(* Let $G=(\mathfrak{N},\mathfrak{T},\mathfrak{R},\mathfrak{S})$ be a context-free grammar, $\Sigma$ a set of characters, $(\textsl{Lex},\textsl{Sel})$ a local lexing with respect to $\mathfrak{T}$ and $\Sigma$, and $D\in\Sigma^*$. Then Earley's algorithm with local lexing is sound and complete: \[ D\in\mathcal{L}_\Sigma \quad\Longleftrightarrow\quad \exists\,\alpha.\ (\mathfrak{S}\rightarrow\alpha\,\bullet,\,0,\,|D|)\in\mathfrak{I}, \] where $\mathcal{L}_\Sigma=\{D\in\Sigma^*\mid \ell\ell(D)\neq\emptyset\}$ and $\ell\ell(D)$ and $\mathfrak{I}$ are as defined in the context.
   Context: Notation: for a set $U$, $U^*$ is the set of finite sequences over $U$, $\varepsilon$ the empty sequence, juxtaposition is concatenation, $|\alpha|$ the length and $\alpha_i$ ($0\le i<|\alpha|$) the $i$-th element. A context-free grammar $(\mathfrak{N},\mathfrak{T},\mathfrak{R},\mathfrak{S})$ has disjoint nonterminals $\mathfrak{N}$ and terminals $\mathfrak{T}$, rules $\mathfrak{R}\subseteq\mathfrak{N}\times(\mathfrak{N}\cup\mathfrak{T})^*$ (written $N\rightarrow\alpha$), start symbol $\mathfrak{S}$; $\alpha\Rightarrow\beta$ iff $\alpha=\alpha_0N\alpha_1$, $\beta=\alpha_0\gamma\alpha_1$ with $N\rightarrow\gamma$; $\overset{*}{\Rightarrow}$ is its reflexive-transitive closure. $\mathcal{L}=\{w\in\mathfrak{T}^*\mid\mathfrak{S}\overset{*}{\Rightarrow}w\}$ and $\mathcal{L}_{\text{prefix}}=\{w\in\mathfrak{T}^*\mid\exists\alpha\in(\mathfrak{N}\cup\mathfrak{T})^*.\ \mathfrak{S}\overset{*}{\Rightarrow}w\alpha\}$. Tokens: a token is a pair $x=(t,c)\in\mathfrak{T}\times\Sigma^*$; $[x]=t$, $\overline{x}=c$; it is empty iff $|c|=0$. For a token sequence (path) $q=x_0\ldots x_r$, $[q]=[x_0]\ldots[x_r]\in\mathfrak{T}^*$ and $\overline{q}=\overline{x_0}\ldots\overline{x_r}\in\Sigma^*$. Local lexing: a pair $(\textsl{Lex},\textsl{Sel})$ where $\textsl{Lex}$ assigns to each $t\in\mathfrak{T}$ a function $\textsl{Lex}(t)$ which, given $D\in\Sigma^*$ and $k\in\{0,\ldots,|D|\}$, returns a set of tokens $(t,c)$ with $k+|c|\le|D|$ and $c_i=D_{k+i}$ for $0\le i\le|c|-1$; and $\textsl{Sel}$ maps any two token sets $A\subseteq B$ to a token set $\textsl{Sel}(A,B)$ with $A\subseteq\textsl{Sel}(A,B)\subseteq B$. Semantics: $\operatorname{limit} f\,X=\bigcup_{n\ge0}f^n(X)$. $\operatorname{Append}_k\,T\,P=P\cup\{pt\mid p\in P,\ |\overline{p}|=k,\ t\in T,\ [pt]\in\mathcal{L}_{\text{prefix}}\}$. For $k\in\{0,\ldots,|D|\}$: $\mathcal{X}_k=\{x\in\mathfrak{T}\times\Sigma^*\mid x\in\textsl{Lex}([x])(D,k)\}$; $\mathcal{P}_0^0=\{\varepsilon\}$; $\mathcal{W}_k^u=\{x\in\mathcal{X}_k\mid\exists p\in\mathcal{P}_k^u.\ |\overline{p}|=k\wedge[px]\in\mathcal{L}_{\text{prefix}}\}$; $\mathcal{Z}_k^0=\emptyset$; $\mathcal{Z}_k^{u+1}=\textsl{Sel}(\mathcal{Z}_k^u,\mathcal{W}_k^u)$; $\mathcal{P}_k^{u+1}=\operatorname{limit}(\operatorname{Append}_k\,\mathcal{Z}_k^{u+1})\,\mathcal{P}_k^u$; $\mathcal{P}_k^\infty=\bigcup_u\mathcal{P}_k^u$; $\mathcal{P}_{k+1}^0=\mathcal{P}_k^\infty$. Finally $\mathfrak{P}=\mathcal{P}_{|D|}^\infty$ and $\ell\ell(D)=\{p\in\mathfrak{P}\mid|\overline{p}|=|D|\wedge[p]\in\mathcal{L}\}$. Earley items: an item is $(N\rightarrow\alpha\bullet\beta,i,j)$ with $(N\rightarrow\alpha\beta)\in\mathfrak{R}$, $0\le i\le j\le|D|$. For item sets $I$, token sets $T$, position $k$: $\operatorname{Init}=\{(\mathfrak{S}\rightarrow\bullet\alpha,0,0)\mid\mathfrak{S}\rightarrow\alpha\in\mathfrak{R}\}$; $\operatorname{Predict}\,k\,I=I\cup\{(M\rightarrow\bullet\gamma,k,k)\mid\exists N,\alpha,\beta,i.\ (N\rightarrow\alpha\bullet M\beta,i,k)\in I\wedge(M\rightarrow\gamma)\in\mathfrak{R}\}$; $\operatorname{Complete}\,k\,I=I\cup\{(N\rightarrow\alpha M\bullet\beta,i,k)\mid\exists j,\gamma.\ (N\rightarrow\alpha\bullet M\beta,i,j)\in I\wedge(M\rightarrow\gamma\bullet,j,k)\in I\}$; $\operatorname{Tokens}\,T\,k\,I=\textsl{Sel}\big(T,\{x\mid\exists X\in\mathfrak{T},N,\alpha,\beta,i.\ (N\rightarrow\alpha\bullet X\beta,i,k)\in I\wedge x\in\textsl{Lex}(X)(D,k)\}\big)$; $\operatorname{Scan}\,T\,k\,I=I\cup\{(N\rightarrow\alpha X\bullet\beta,i,k+|c|)\mid(X,c)\in T\wedge(N\rightarrow\alpha\bullet X\beta,i,k)\in I\}$; $\pi_k\,T\,I=\operatorname{limit}(\operatorname{Scan}\,T\,k\circ\operatorname{Complete}\,k\circ\operatorname{Predict}\,k)\,I$. Then $\mathcal{J}_0^0=\pi_0\,\emptyset\,\operatorname{Init}$; $\mathcal{T}_k^0=\emptyset$; $\mathcal{T}_k^{u+1}=\operatorname{Tokens}\,\mathcal{T}_k^u\,k\,\mathcal{J}_k^u$; $\mathcal{J}_k^{u+1}=\pi_k\,\mathcal{T}_k^{u+1}\,\mathcal{J}_k^u$; $\mathcal{I}_k=\bigcup_u\mathcal{J}_k^u$; $\mathcal{J}_{k+1}^0=\pi_{k+1}\,\emptyset\,\mathcal{I}_k$; and $\mathfrak{I}=\mathcal{I}_{|D|}$. *)

From mathcomp Require Import all_boot.
From Stdlib Require Import Relations.
Lemma ball_reach u v : exists2 n, n < #|T| & v \in ball e n u.
Proof.
have /connectP [p up ->] := e_conn u v.
have [q uq Uq _] := shortenP up.
exists (size q); last exact: path_last_ball.
by rewrite -ltnS -[(size q).+1]/(size (u :: q)) -(card_uniqP Uq) ltnS max_card.
Qed.

Lemma dist_leq u v n : v \in ball e n u -> dist e u v <= n.
Proof.
move=> vB; rewrite /dist; have [ltnT | geTn] := ltnP n #|T|.
  rewrite leqNgt; apply/negP => /(before_find 0).
  by rewrite nth_iota // add0n vB.
by apply: leq_trans (find_size _ _) _; rewrite size_iota.
Qed.

Lemma mem_ball_dist u v : v \in ball e (dist e u v) u.
Proof.
have [n ltnT vB] := ball_reach u v.
have hasB : has (fun n => v \in ball e n u) (iota 0 #|T|).
  by apply/hasP; exists n; rewrite ?mem_iota.
have := nth_find 0 hasB; rewrite nth_iota //.
by move: hasB; rewrite has_find size_iota.
Qed.

Lemma dist_edge u a b : e a b -> dist e u b <= (dist e u a).+1.
Proof. by move=> ab; apply/dist_leq/mem_ball_step/ab/mem_ball_dist. Qed.

Lemma dist_eq0 u v : dist e u v = 0 -> u = v.
Proof. by move=> d0; have := mem_ball_dist u v; rewrite d0 inE => /eqP. Qed.

Lemma dist_prev u v : u != v -> exists2 w, e w v & (dist e u w).+1 = dist e u v.
Proof.
move=> uv; case d_uv: (dist e u v) => [|d].
  by move/dist_eq0: d_uv uv => ->; rewrite eqxx.
have := mem_ball_dist u v; rewrite d_uv /= in_setU => /orP[vB|].
  by have := dist_leq vB; rewrite d_uv ltnn.
rewrite inE => /exists_inP [w wB wv]; exists w => //.
have := dist_edge u wv; rewrite d_uv => le_dw.
by apply/eqP; rewrite eqn_leq ltnS dist_leq.
Qed.

End Distance.

Section LocatingDomination.
Variables (T : finType) (e : rel T).
Hypotheses (e_sym : symmetric e) (e_irr : irreflexive e) (e_conn : connected_graph e).

Definition path4 (a b c d : T) := [&& uniq [:: a; b; c; d], e a b, e b c & e c d].

Lemma mem_notin_neq (A : {set T}) x y : x \in A -> y \notin A -> x != y.
Proof. by move=> xA; apply: contraNneq => <-. Qed.

Lemma path4_across (S : {set T}) a b c d :
  a \in S -> d \in S -> b \notin S -> c \notin S -> a != d ->
  e a b -> e b c -> e c d -> path4 a b c d.
Proof.
move=> aS dS bS cS ad ab bc cd; rewrite /path4 ab bc cd /= !inE !negb_or.
rewrite ad !(mem_notin_neq aS) // (eq_sym b d) (eq_sym c d) !(mem_notin_neq dS) //.
rewrite !andbT; apply: contraTneq _ bc => ->; by rewrite e_irr.
Qed.

Lemma dominating_nbr (S : {set T}) x :
  dominating e S -> x \notin S -> exists2 s, s \in S & e x s.
Proof. by move=> /forallP /(_ x) /implyP xdom /xdom /exists_inP. Qed.

Section Separation.
Variables (S L : {set T}).
Hypotheses (domS : dominating e S) (sSL : S \subset L).
Hypothesis L_meets : forall a b c d,
  a \in S -> d \in S -> path4 a b c d -> (b \in L) || (c \in L).
Hypothesis L_chord : forall a b c d,
  a \in S -> d \in S -> path4 a b c d -> ~~ e b d -> c \in L.
Lemma s1_sim_legal : legal1 E s1_sim.
Proof.
split=> [h c | h c u k /owner_in_mem]; last by rewrite in_setD => /andP[].
by rewrite /= -{1}(shadow_pos shadow_upd P h c); apply: s1_legal.1.
Qed.

Variable s2' : strat.
Hypothesis s2'_legal : legal2 E s2'.

Local Notation real n := (run Vs s1_sim s2' (v, P') n).

(* The imagined opponent copies the real opponent's next move; it is only ever
   played from the imagined play, where that move is legal, so the fallback to
   [successor] just makes it a legal strategy everywhere. *)
Definition s2_sim : strat := Strategy
  (fun h c => let u := (real (size h).+1).2.1 in if E c.1 u then u else successor c.1)
  (fun h c u => owner_in u (c.2 :\: (real (size h).+1).2.2)).

Lemma s2_sim_legal : legal2 E s2_sim.
Proof.
split=> [h c | h c u k /owner_in_mem]; last by rewrite in_setD => /andP[].
by rewrite /=; case: ifP => // _; apply: successorP.
Qed.

Lemma step_sim h c h' c' u R :
  real (size h) = (h', c') -> shadow1 h' c' = (h, c) ->
  c'.2 \subset c.2 -> p1_moves Vs c = p1_moves Vs c' ->
  step Vs s1_sim s2' h' c' = (u, R) ->
  [/\ step Vs s1 s2_sim h c = (u, shadow_upd h c (u, R)),
      R \subset shadow_upd h c (u, R)
    & p1_moves Vs (u, shadow_upd h c (u, R)) = p1_moves Vs (u, R)].
Proof.
move=> real_h sh sub mover real_step.
rewrite /shadow_upd {1}/step mover /= real_h /= real_step.
case: (boolP (p1_moves Vs c')) => [p1c' | p2c'];
  move: real_step; rewrite /step ?p1c' ?(negbTE p2c') /= sh.
  case=> <-{u} R_def; have R_sub : R \subset c'.2.
    by rewrite -R_def; case: sgrab => // k; apply: subD1set.
  by have [] := lower_atP (smove s1 h c) (subset_trans R_sub sub).
have pos : c.1 = c'.1 by rewrite -(shadow_pos shadow_upd P h' c') sh.
case=> <-{u} <-{R}; rewrite pos (s2'_legal.1 h' c').
have sub_grab : c'.2 \subset s1_grab h c (smove s2' h' c').
  by rewrite /s1_grab; case: sgrab => [k|] //; apply: subset_trans sub (subsetUr _ _).
by have [] := raise_atP (smove s2' h' c') sub_grab.
Qed.

Lemma shadow_run n :
  let r := run Vs s1 s2_sim (v, P) n in
  [/\ shadow1 (real n).1 (real n).2 = r, (real n).2.2 \subset r.2.2
     & p1_moves Vs r.2 = p1_moves Vs (real n).2].
Proof.
elim: n => [|n]; first by split.
have := size_run s1 s2_sim (v, P) n; rewrite /=.
case: (run Vs s1 s2_sim _ n) => h c /= size_h.
case real_n: (real n) => [h' c'] /= [sh sub mover].
rewrite -size_h in real_n; case real_step: (step Vs s1_sim s2' h' c') => [u R].
have [-> R_sub mover'] := step_sim real_n sh sub mover real_step.
by rewrite shadow_rcons sh.
Qed.

Lemma track_sim : track s1 s2_sim (v, P) =1 track s1_sim s2' (v, P').
Proof.
move=> n; have [sh _ _] := shadow_run n.
by rewrite /track -sh shadow_pos.
Qed.

End Simulation.

Lemma p1_strategy_transfer (P P' : {set 'I_d}) v :
  P' \subset P -> p1_moves Vs (v, P) = p1_moves Vs (v, P') ->
  forall s1, legal1 E s1 ->
  exists2 s1', legal1 E s1' &
    forall s2', legal2 E s2' ->
    exists2 s2, legal2 E s2 & track s1 s2 (v, P) =1 track s1' s2' (v, P').
Proof.
move=> subP mover s1 s1_legal.
exists (s1_sim P s1); first exact: s1_sim_legal.
move=> s2' s2'_legal; exists (s2_sim P P' v s1 s2'); first exact: s2_sim_legal.
exact: track_sim.
Qed.

Definition swap_cfg (c : config) : config := (c.1, ~: c.2).

Lemma swap_cfgK : involutive swap_cfg.
Proof. by case=> x A; rewrite /swap_cfg setCK. Qed.

Lemma p1_moves_swap c : p1_moves Vs (swap_cfg c) = ~~ p1_moves Vs c.
Proof.
have [j [cj _]] := Vs_partition c.1.
by case: c cj => x A /= xj; rewrite !(p1_movesE _ xj) in_setC.
Qed.

Definition swap_strategy (s : strat) : strat := Strategy
  (fun h c => smove s (map swap_cfg h) (swap_cfg c))
  (fun h c u => sgrab s (map swap_cfg h) (swap_cfg c) u).

Definition swapped (s s' : strat) : Prop :=
  forall h c, smove s' (map swap_cfg h) (swap_cfg c) = smove s h c /\
              forall u, sgrab s' (map swap_cfg h) (swap_cfg c) u = sgrab s h c u.

Lemma swapped_swap s : swapped s (swap_strategy s).
Proof. by move=> h c; rewrite /= swap_cfgK (mapK swap_cfgK). Qed.

Lemma swap_swapped s : swapped (swap_strategy s) s.
Proof. by []. Qed.

Lemma legal1_swap s : legal2 E s -> legal1 E (swap_strategy s).
Proof.
case=> s_move s_grab; split=> [h c | h c u k /s_grab]; last by rewrite in_setC.
exact: s_move (map swap_cfg h) (swap_cfg c).
Qed.

Lemma legal2_swap s : legal1 E s -> legal2 E (swap_strategy s).
Proof.
case=> s_move s_grab; split=> [h c | h c u k /s_grab]; last by rewrite in_setC negbK.
exact: s_move (map swap_cfg h) (swap_cfg c).
Qed.

Lemma step_swapped a a' b b' h c : swapped a a' -> swapped b b' ->
  step Vs b' a' (map swap_cfg h) (swap_cfg c) = swap_cfg (step Vs a b h c).
Proof.
move=> aa' bb'; have [a_move a_grab] := aa' h c; have [b_move b_grab] := bb' h c.
rewrite /step p1_moves_swap; case: (p1_moves Vs c) => /=.
  rewrite a_move b_grab; case: sgrab => [k|] //.
  by congr pair; apply/setP => i; rewrite !inE negb_and negbK orbC.
rewrite b_move a_grab; case: sgrab => [k|] //.
by congr pair; apply/setP => i; rewrite !inE negb_or.
Qed.

Lemma track_swapped a a' b b' c0 : swapped a a' -> swapped b b' ->
  track b' a' (swap_cfg c0) =1 track a b c0.
Proof.
move=> aa' bb' n; suff run_swap : run Vs b' a' (swap_cfg c0) n =
  (map swap_cfg (run Vs a b c0 n).1, swap_cfg (run Vs a b c0 n).2).
  by rewrite /track run_swap.
by elim: n => // n IHn; rewrite /= IHn map_rcons (step_swapped _ _ aa' bb').
Qed.

Lemma p2_strategy_transfer (P P' : {set 'I_d}) v :
  P' \subset P -> p1_moves Vs (v, P) = p1_moves Vs (v, P') ->
  forall s2', legal2 E s2' ->
  exists2 s2, legal2 E s2 &
    forall s1, legal1 E s1 ->
    exists2 s1', legal1 E s1' & track s1 s2 (v, P) =1 track s1' s2' (v, P').
Proof.
move=> subP mover s2' s2'_legal.
have subC : ~: P \subset ~: P' by rewrite setCS.
have moverC : p1_moves Vs (v, ~: P') = p1_moves Vs (v, ~: P).
  by rewrite -[(v, ~: P)]/(swap_cfg (v, P)) -[(v, ~: P')]/(swap_cfg (v, P')) !p1_moves_swap mover.
have [t1 t1_legal sim] := p1_strategy_transfer subC moverC (legal1_swap s2'_legal).
exists (swap_strategy t1); first exact: legal2_swap.
move=> s1 s1_legal; have [t2 t2_legal same] := sim _ (legal2_swap s1_legal).
exists (swap_strategy t2); first exact: legal1_swap.
move=> n; rewrite -(track_swapped _ (swapped_swap s1) (swap_swapped t1)).
by rewrite -same (track_swapped (v, P') (swap_swapped t2) (swapped_swap s2')).
Qed.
★ ★ ★ ★ ★
What you have to do ->
Using the entries above, tally every line that holds the word "Require". Answer with that number only.

Written answer ->
2